> **WORK ORDER**:
Transcribe only the lines of the listing below from the one holding "flat_map (fun c" through the one holding "Lemma monom_unit_exp T", inclusive, without any change.
Start of INPUT RECORDS
(** * Polynomials in the variables x(T) *)

Lemma monom_local T a x y : (forall i, In i T -> x i = y i) -> monom T a x = monom T a y.
Proof.
  induction T as [|j T IH]; intro H; simpl; [reflexivity|].
  rewrite H, IH; [reflexivity | intros i Hi; apply H; right; exact Hi | left; reflexivity].
Qed.

Lemma peval_local T p x y : (forall i, In i T -> x i = y i) -> peval T p x = peval T p y.
Proof.
  induction p as [|c p IH]; intro H; simpl; [reflexivity|].
  rewrite (monom_local T (snd c) x y H), IH by assumption; reflexivity.
Qed.

Lemma is_poly_deg_local T d g x y :
  is_poly_deg T d g -> (forall i, In i T -> x i = y i) -> g x = g y.
Proof. intros (p & _ & Hp) H; rewrite !Hp; apply peval_local, H. Qed.

Lemma monom_line T e (a b : point) : poly_fun (fun t => monom T e (fun i => a i + b i * t)).
Proof.
  induction T as [|j T IH]; simpl; [apply poly_fun_const|].
  apply poly_fun_mul; [apply poly_fun_pow, poly_fun_affine | exact IH].
Qed.

Lemma is_poly_deg_line T d g (a b : point) (c : R -> point) : is_poly_deg T d g ->
  (forall t i, In i T -> c t i = a i + b i * t) -> poly_fun (fun t => g (c t)).
Proof.
  intros (p & _ & Hp) Hc.
  apply (poly_fun_ext _ (fun t => peval T p (fun i => a i + b i * t))).
  { intro t; rewrite Hp; apply peval_local, Hc. }
  clear Hp; induction p as [|[k e] p IH]; simpl; [apply poly_fun_const|].
  apply poly_fun_add; [apply poly_fun_mul; [apply poly_fun_const | apply monom_line] | exact IH].
Qed.

Lemma SOS_local T s x y : SOS T s -> (forall i, In i T -> x i = y i) -> s x = s y.
Proof.
  intros (t & gs & Hgs & Hs) H; rewrite !Hs.
  clear Hs; induction Hgs as [|g gs Hg _ IH]; cbn [fold_right]; [reflexivity|].
  rewrite (is_poly_deg_local T t g x y Hg H), IH; reflexivity.
Qed.

Lemma monom_exp_add T a b x :
  monom T (fun i => (a i + b i)%nat) x = monom T a x * monom T b x.
Proof. induction T as [|j T IH]; simpl; [ring|]; rewrite IH, pow_add; ring. Qed.

Lemma mdeg_exp_add T a b : mdeg T (fun i => (a i + b i)%nat) = (mdeg T a + mdeg T b)%nat.
Proof. induction T as [|j T IH]; simpl; [reflexivity|]; rewrite IH; lia. Qed.

Lemma peval_app T p q x : peval T (p ++ q) x = peval T p x + peval T q x.
Proof. induction p as [|c p IH]; simpl; [|rewrite IH]; ring. Qed.

Definition pmul (p q : list (R * (nat -> nat))) : list (R * (nat -> nat)) :=
  flat_map (fun c => map (fun d => (fst c * fst d, fun i => (snd c i + snd d i)%nat)) q) p.

Lemma peval_pmul T p q x : peval T (pmul p q) x = peval T p x * peval T q x.
Proof.
  induction p as [|[k a] p IH]; simpl; [ring|].
  rewrite peval_app, IH; simpl.
  enough (E : peval T (map (fun d => (k * fst d, fun i => (a i + snd d i)%nat)) q) x
              = k * monom T a x * peval T q x) by (rewrite E; ring).
  clear IH; induction q as [|[l b] q IHq]; simpl; [ring|].
  rewrite IHq, monom_exp_add; ring.
Qed.

Definition unit_exp (i : nat) : nat -> nat := fun j => if Nat.eq_dec j i then 1%nat else 0%nat.

Lemma monom_unit_exp T i x : monom T (unit_exp i) x = x i ^ count_occ Nat.eq_dec T i.
Proof.
  induction T as [|j T IH]; simpl; [reflexivity|]; rewrite IH; unfold unit_exp.
  destruct (Nat.eq_dec j i) as [->|]; simpl; ring.
Qed.

Lemma mdeg_unit_exp T i : mdeg T (unit_exp i) = count_occ Nat.eq_dec T i.
Proof.
  induction T as [|j T IH]; simpl; [reflexivity|]; rewrite IH; unfold unit_exp.
  destruct (Nat.eq_dec j i); reflexivity.
Qed.

Lemma is_poly_deg_le T d e g : is_poly_deg T d g -> (d <= e)%nat -> is_poly_deg T e g.
Proof.
  intros (p & Hp & Hg) Hde; exists p; split; [|exact Hg].
  eapply Forall_impl; [|exact Hp]; simpl; lia.
Qed.

Lemma is_poly_deg_const T c : is_poly_deg T 0 (fun _ => c).
Proof.
  exists [(c, fun _ => 0%nat)]; split.
  - constructor; [simpl; induction T; simpl; lia | constructor].
  - intro x; simpl; enough (monom T (fun _ => 0%nat) x = 1) as -> by ring.
    induction T as [|j T IH]; simpl; [|rewrite IH]; ring.
Qed.

Lemma is_poly_deg_var T i : count_occ Nat.eq_dec T i = 1%nat -> is_poly_deg T 1 (fun x => x i).
Proof.
  intro Hi; exists [(1, unit_exp i)]; split.
  - constructor; [simpl; rewrite mdeg_unit_exp; lia | constructor].
  - intro x; simpl; rewrite monom_unit_exp, Hi; ring.
Qed.

Lemma is_poly_deg_add T d e g h : is_poly_deg T d g -> is_poly_deg T e h ->
  is_poly_deg T (Nat.max d e) (fun x => g x + h x).
Proof.
  intros Hg Hh.
  destruct (is_poly_deg_le T d (Nat.max d e) g Hg ltac:(lia)) as (p & Hp & Ep).
  destruct (is_poly_deg_le T e (Nat.max d e) h Hh ltac:(lia)) as (q & Hq & Eq).
  exists (p ++ q); split; [apply Forall_app; auto|].
  intro x; rewrite peval_app, Ep, Eq; reflexivity.
Qed.

Lemma is_poly_deg_mul T d e g h : is_poly_deg T d g -> is_poly_deg T e h ->
  is_poly_deg T (d + e) (fun x => g x * h x).
Proof.
  intros (p & Hp & Ep) (q & Hq & Eq); exists (pmul p q); split.
  - rewrite Forall_forall in *; intros c Hc.
    unfold pmul in Hc; apply in_flat_map in Hc as (a & Ha & Hc).
    apply in_map_iff in Hc as (b & <- & Hb); simpl.
    rewrite mdeg_exp_add; specialize (Hp a Ha); specialize (Hq b Hb); lia.
  - intro x; rewrite peval_pmul, Ep, Eq; reflexivity.
Qed.

Lemma is_poly_deg_ext T d g h : (forall x, g x = h x) -> is_poly_deg T d h -> is_poly_deg T d g.
Proof. intros E (p & Hp & Eh); exists p; split; [exact Hp|]; intro x; rewrite E; apply Eh. Qed.

Lemma is_poly_deg_sub T d e g h : is_poly_deg T d g -> is_poly_deg T e h ->
  is_poly_deg T (Nat.max d e) (fun x => g x - h x).
Proof.
  intros Hg Hh; apply (is_poly_deg_ext _ _ _ (fun x => g x + (-1) * h x)); [intro; ring|].
  apply (is_poly_deg_add T d (0 + e)); [assumption|].
  apply is_poly_deg_mul; [apply is_poly_deg_const | assumption].
Qed.

Lemma is_poly_deg_pow T d g k : is_poly_deg T d g -> is_poly_deg T (k * d) (fun x => g x ^ k).
Proof.
  intro Hg; induction k as [|k IH].
  - apply (is_poly_deg_ext _ _ _ (fun _ => 1)); [reflexivity | apply is_poly_deg_const].
  - apply (is_poly_deg_mul T d (k * d) g); assumption.
Qed.

Ltac poly_deg_exact :=
  cbv beta;
  lazymatch goal with
  | |- is_poly_deg _ _ (fun x => @?g x ^ ?k) =>
      eapply (is_poly_deg_pow _ _ g k); poly_deg_exact
  | |- is_poly_deg _ _ (fun x => @?g x * @?h x) =>
      eapply (is_poly_deg_mul _ _ _ g h); poly_deg_exact
  | |- is_poly_deg _ _ (fun x => @?g x - @?h x) =>
      eapply (is_poly_deg_sub _ _ _ g h); poly_deg_exact
  | |- is_poly_deg _ _ (fun x => @?g x + @?h x) =>
      eapply (is_poly_deg_add _ _ _ g h); poly_deg_exact
  | |- is_poly_deg _ _ (fun x => x _) => apply is_poly_deg_var; first [assumption | reflexivity]
  | |- is_poly_deg _ _ (fun _ => _) => apply is_poly_deg_const
  end.

Ltac poly_deg :=
  eapply is_poly_deg_le; [poly_deg_exact | apply Nat.leb_le; reflexivity].

(** * Sums of squares *)

Definition sumsq {A} (F : A -> R) (l : list A) : R := fold_right (fun a acc => F a ^ 2 + acc) 0 l.

Lemma sumsq_nonneg {A} (F : A -> R) l : 0 <= sumsq F l.
Proof.
  induction l as [|a l IH]; cbn [sumsq fold_right]; [lra|].
  pose proof (pow2_ge_0 (F a)); fold (sumsq F l); lra.
Qed.

Lemma sumsq_in {A} (F : A -> R) l a : In a l -> F a ^ 2 <= sumsq F l.
Proof.
  induction l as [|b l IH]; cbn [sumsq fold_right In]; [tauto|]; fold (sumsq F l).
  pose proof (sumsq_nonneg F l); pose proof (pow2_ge_0 (F b)).
  intros [->|Ha]; [lra|]; specialize (IH Ha); lra.
Qed.

Lemma sumsq_ext {A} (F G : A -> R) l :
  (forall a, In a l -> F a = G a) -> sumsq F l = sumsq G l.
Proof.
  induction l as [|b l IH]; intro H; cbn [sumsq fold_right]; [reflexivity|].
  rewrite H by (left; reflexivity); f_equal; apply IH; intros a Ha; apply H; right; exact Ha.
Qed.

Lemma sumsq_eq0 {A} (F : A -> R) l : (forall a, In a l -> F a = 0) -> sumsq F l = 0.
Proof.
  intro H; rewrite (sumsq_ext F (fun _ => 0)) by exact H; clear H.
  unfold sumsq; induction l as [|a l IH]; cbn [fold_right]; [|rewrite IH]; ring.
Qed.

Lemma sumsq_app {A} (F : A -> R) l m : sumsq F (l ++ m) = sumsq F l + sumsq F m.
Proof. unfold sumsq; induction l as [|a l IH]; cbn [fold_right app]; [|rewrite IH]; ring. Qed.

Lemma sumsq_map {A B} (f : A -> B) (F : B -> R) l : sumsq F (map f l) = sumsq (fun a => F (f a)) l.
Proof.
  unfold sumsq; induction l as [|a l IH]; cbn [fold_right map]; [|rewrite IH]; reflexivity.
Qed.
End of INPUT RECORDS
> **WRITTEN RESPONSE**:
  flat_map (fun c => map (fun d => (fst c * fst d, fun i => (snd c i + snd d i)%nat)) q) p.

Lemma peval_pmul T p q x : peval T (pmul p q) x = peval T p x * peval T q x.
Proof.
  induction p as [|[k a] p IH]; simpl; [ring|].
  rewrite peval_app, IH; simpl.
  enough (E : peval T (map (fun d => (k * fst d, fun i => (a i + snd d i)%nat)) q) x
              = k * monom T a x * peval T q x) by (rewrite E; ring).
  clear IH; induction q as [|[l b] q IHq]; simpl; [ring|].
  rewrite IHq, monom_exp_add; ring.
Qed.

Definition unit_exp (i : nat) : nat -> nat := fun j => if Nat.eq_dec j i then 1%nat else 0%nat.

Lemma monom_unit_exp T i x : monom T (unit_exp i) x = x i ^ count_occ Nat.eq_dec T i.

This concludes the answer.